Asher Miller, PCI's executive director set the table for the three-day event. "Facing such daunting issues, we can either: 1) pack up and go home; 2) be a witness to history; 3) save what we can, which I call the Noah's Ark approach; or 4) work as hard as we can, and go as big as can go. Collectively we can come up with one thing, or do lots of things--we don't know which one will bring the best results."

The group of Fellows up until this point has been focused on producing a book (cover pictured above) of essays and case studies that will be released by University of California Press with Watershed Media in July, The Post Carbon Reader: Managing the 21st Century's Sustainability Crises.

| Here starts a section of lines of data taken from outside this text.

(* A path g following sigma between consecutive nodes p 0 = x, ..., p n = y that
   are at distance at most d x y / n is itself a linear geodesic: the triangle
   inequality gives d (g s) (g t) <= (t - s) d x y, and equality is forced by
   comparing with the endpoints.  For c_sigma(n;tau) the node
   c_xy(n;i) = sigma(tau_xy(a_i), tau_xy(b_i), 1/2) has parameters with
   a_i + b_i = 2i/n, both nondecreasing in i, so conicality of sigma at 1/2 and the
   geodesic property of tau bound the steps by d x y / n, and conicality of tau
   transfers to every node and then, by convexity, along each piece.  If sigma is
   consistent, sigma(sigma_xy(a), sigma_xy(b), l) = sigma_xy((1 - l) a + l b),
   so every node is sigma_xy(i/n) and the path is sigma_xy itself. *)
From Stdlib Require Import Reals Lra Lia ZArith.
Open Scope R_scope.

Lemma INR_ratio_le n i j : (0 < n)%nat -> (i <= j)%nat -> INR i / INR n <= INR j / INR n.
Proof.
  intros Hn Hij; apply Rmult_le_compat_r.
  - left; apply Rinv_0_lt_compat, lt_0_INR, Hn.
  - apply le_INR, Hij.
Qed.

Lemma INR_ratio_range n i : (0 < n)%nat -> (i <= n)%nat -> 0 <= INR i / INR n <= 1.
Proof.
  intros Hn Hi; split.
  - replace 0 with (INR 0 / INR n) by (simpl; unfold Rdiv; ring).
    apply INR_ratio_le; lia.
  - rewrite <- (Rdiv_diag (INR n)) by (apply not_0_INR; lia).
    apply INR_ratio_le; assumption.
Qed.

Lemma eq_mul_of_Rabs_split (l S B : R) : 0 <= l <= 1 ->
  Rabs S = l * Rabs B -> Rabs (B - S) = (1 - l) * Rabs B -> S = l * B.
Proof. unfold Rabs; intros Hl; repeat destruct Rcase_abs; intros; nra. Qed.

Lemma piece_spec n t : (1 <= n)%nat -> 0 <= t <= 1 ->
  (piece n t < n)%nat /\ INR (piece n t) <= INR n * t <= INR (piece n t) + 1.
Proof.
  intros Hn Ht; unfold piece.
  assert (Hnt : 0 <= INR n * t <= INR n) by (pose proof (pos_INR n); split; nra).
  destruct (base_Int_part (INR n * t)) as [Hfl Hfl'].
  assert (Hz : (0 <= Int_part (INR n * t))%Z).
  { assert (H : IZR (-1) < IZR (Int_part (INR n * t))) by lra.
    apply lt_IZR in H; lia. }
  set (k := Z.to_nat (Int_part (INR n * t))).
  assert (Hk : INR k = IZR (Int_part (INR n * t))).
  { unfold k; rewrite INR_IZR_INZ, Z2Nat.id; auto. }
  destruct (Nat.min_spec k (n - 1)) as [[Hlt ->] | [Hge ->]].
  - split; [lia | rewrite Hk; lra].
  - split; [lia |].
    assert (INR (n - 1) <= INR k) by (apply le_INR; lia).
    rewrite minus_INR in * by lia; simpl in *; lra.
Qed.

Lemma piece_0 n : (1 <= n)%nat -> piece n 0 = 0%nat.
Proof.
  intros Hn; destruct (piece_spec n 0 Hn) as [_ [Hi _]]; [lra |].
  rewrite Rmult_0_r in Hi; apply (INR_le _ 0) in Hi; lia.
Qed.

Lemma piece_1 n : (1 <= n)%nat -> piece n 1 = (n - 1)%nat.
Proof.
  intros Hn; destruct (piece_spec n 1 Hn) as [Hlt [_ Hi]]; [lra |].
  rewrite Rmult_1_r, <- S_INR in Hi; apply INR_le in Hi; lia.
Qed.

(* c_xy(n;i) = sigma(tau_xy(cpt_lo n i), tau_xy(cpt_hi n i), 1/2) also at the end
   nodes i = 0 and i = n, where both parameters are 0, resp. 1 (see cpt_eq). *)
Definition cpt_lo (n i : nat) : R :=
  if Nat.eqb i 0 then 0 else if Nat.eqb i n then 1 else INR (i - 1) / INR n.

Definition cpt_hi (n i : nat) : R :=
  if Nat.eqb i 0 then 0 else if Nat.eqb i n then 1 else INR (i + 1) / INR n.

Lemma cpt_n {X : Type} (sigma tau : X -> X -> R -> X) n x y :
  (1 <= n)%nat -> cpt sigma tau n x y n = y.
Proof.
  intros Hn; unfold cpt; rewrite Nat.eqb_refl; destruct (Nat.eqb_spec n 0); [lia | reflexivity].
Qed.

Section CptLoHi.

Variable n : nat.
Hypothesis n_ge1 : (1 <= n)%nat.

Lemma cpt_lo_hi_range i : (i <= n)%nat ->
  0 <= cpt_lo n i <= 1 /\ 0 <= cpt_hi n i <= 1.
Proof.
  intros Hi; unfold cpt_lo, cpt_hi.
  destruct (Nat.eqb_spec i 0); [lra |].
  destruct (Nat.eqb_spec i n); [lra |].
  split; apply INR_ratio_range; lia.
Qed.

Lemma cpt_lo_hi_sum i : (i <= n)%nat -> cpt_lo n i + cpt_hi n i = 2 * (INR i / INR n).
Proof.
  intros Hi; pose proof (lt_0_INR n n_ge1).
  unfold cpt_lo, cpt_hi.
  destruct (Nat.eqb_spec i 0) as [-> |]; [simpl; field; lra |].
  destruct (Nat.eqb_spec i n) as [-> |]; [field; lra |].
  rewrite minus_INR, plus_INR by lia; simpl; field; lra.
Qed.

Lemma cpt_lo_le_succ i : (i < n)%nat -> cpt_lo n i <= cpt_lo n (S i).
Proof.
  intros Hi.
  pose proof (INR_ratio_range n (i - 1) ltac:(lia) ltac:(lia)).
  pose proof (INR_ratio_range n (S i - 1) ltac:(lia) ltac:(lia)).
  pose proof (INR_ratio_le n (i - 1) (S i - 1) ltac:(lia) ltac:(lia)).
  unfold cpt_lo.
  destruct (Nat.eqb_spec i 0), (Nat.eqb_spec i n), (Nat.eqb_spec (S i) 0), (Nat.eqb_spec (S i) n);
    try (exfalso; lia); lra.
Qed.

Lemma cpt_hi_le_succ i : (i < n)%nat -> cpt_hi n i <= cpt_hi n (S i).
Proof.
  intros Hi.
  pose proof (INR_ratio_range n (i + 1) ltac:(lia) ltac:(lia)).
  pose proof (INR_ratio_le n (i + 1) (S i + 1) ltac:(lia) ltac:(lia)).
  unfold cpt_hi.
  destruct (Nat.eqb_spec i 0), (Nat.eqb_spec i n), (Nat.eqb_spec (S i) 0), (Nat.eqb_spec (S i) n);
    try (exfalso; lia); lra.
Qed.

End CptLoHi.

Definition is_geodesic {X : Type} (d : X -> X -> R) (g : R -> X) (x y : X) : Prop :=
  g 0 = x /\ g 1 = y /\
  (forall s t, 0 <= s <= 1 -> 0 <= t <= 1 -> d (g s) (g t) = Rabs (s - t) * d x y).

Definition polygon {X : Type} (sigma : X -> X -> R -> X) (n : nat) (p : nat -> X) (t : R) : X :=
  sigma (p (piece n t)) (p (S (piece n t))) (INR n * t - INR (piece n t)).

Section Metric.

Variables (X : Type) (d : X -> X -> R).
Hypothesis d_metric : is_metric d.

Lemma dist_ge0 x y : 0 <= d x y.
Proof. apply d_metric. Qed.

Lemma dist_eq0 x y : d x y = 0 -> x = y.
Proof. apply d_metric. Qed.

Lemma dist_xx x : d x x = 0.
Proof. apply d_metric; reflexivity. Qed.

Lemma dist_sym x y : d x y = d y x.
Proof. apply d_metric. Qed.

Lemma dist_triangle x y z : d x z <= d x y + d y z.
Proof. apply d_metric. Qed.

Lemma chain_dist_le (p : nat -> X) n L :
  (forall i, (i < n)%nat -> d (p i) (p (S i)) <= L) ->
  forall k i, (i + k <= n)%nat -> d (p i) (p (i + k)%nat) <= INR k * L.
Proof.
  intros Hstep; induction k as [| k IH]; intros i Hik.
  - rewrite Nat.add_0_r, dist_xx; simpl; lra.
  - rewrite S_INR, Nat.add_succ_r.
    pose proof (dist_triangle (p i) (p (i + k)%nat) (p (S (i + k)))).
    pose proof (IH i ltac:(lia)); pose proof (Hstep (i + k)%nat ltac:(lia)); lra.
Qed.

Section Bicombing.

Variable sigma : X -> X -> R -> X.
Hypothesis sigma_bicombing : is_bicombing d sigma.

Lemma bicombing_0 x y : sigma x y 0 = x.
Proof. apply sigma_bicombing. Qed.

Lemma bicombing_1 x y : sigma x y 1 = y.
Proof. apply sigma_bicombing. Qed.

The Berkeley retreat focused on developing connective tissue among Fellows through facilitated exercises, planning and presentations. Some highlights--or lowlights--as many of the participants (myself included)  could be accused of being bearers of bad news:

Richard Heinberg, the Senior Fellow whose extensive work (The Party's Over, Blackout, Peak Everything) has provided a nexus for PCI while helping define "Peak Oil" thinking, has spoken to world leaders from Congress to European Parliament.

"I have nothing to show for all my presentation to political leaders," Heinberg said. "Anyone who questions the concept of growth is shunted off."

Erika Allen, Chicago manager for Growing Power, a national land trust that provides access to healthy local food in disadvantaged communities, explored a scenario where food supplies are cut off because of an energy supply disruption or other crisis. "We've been preparing around the principles of providing seven days of food for Chicago--what systems are in place to respond? We need to be able to grow food on concrete and on the tops of buildings."

The issue of sustainable agriculture, both urban and rural, was an overall emergent issue of the weekend, with talismanic Wes Jackson, founder and director of The Land Institute, providing an urgent view into a survival system that has been taken for granted.

"In the long run, soil is more important than oil," Jackson said, citing research that soil carbon concentrations in US have been halved since non-indigenous settlement, from 6 percent to 3 percent, because of poor conservation and industrial practices.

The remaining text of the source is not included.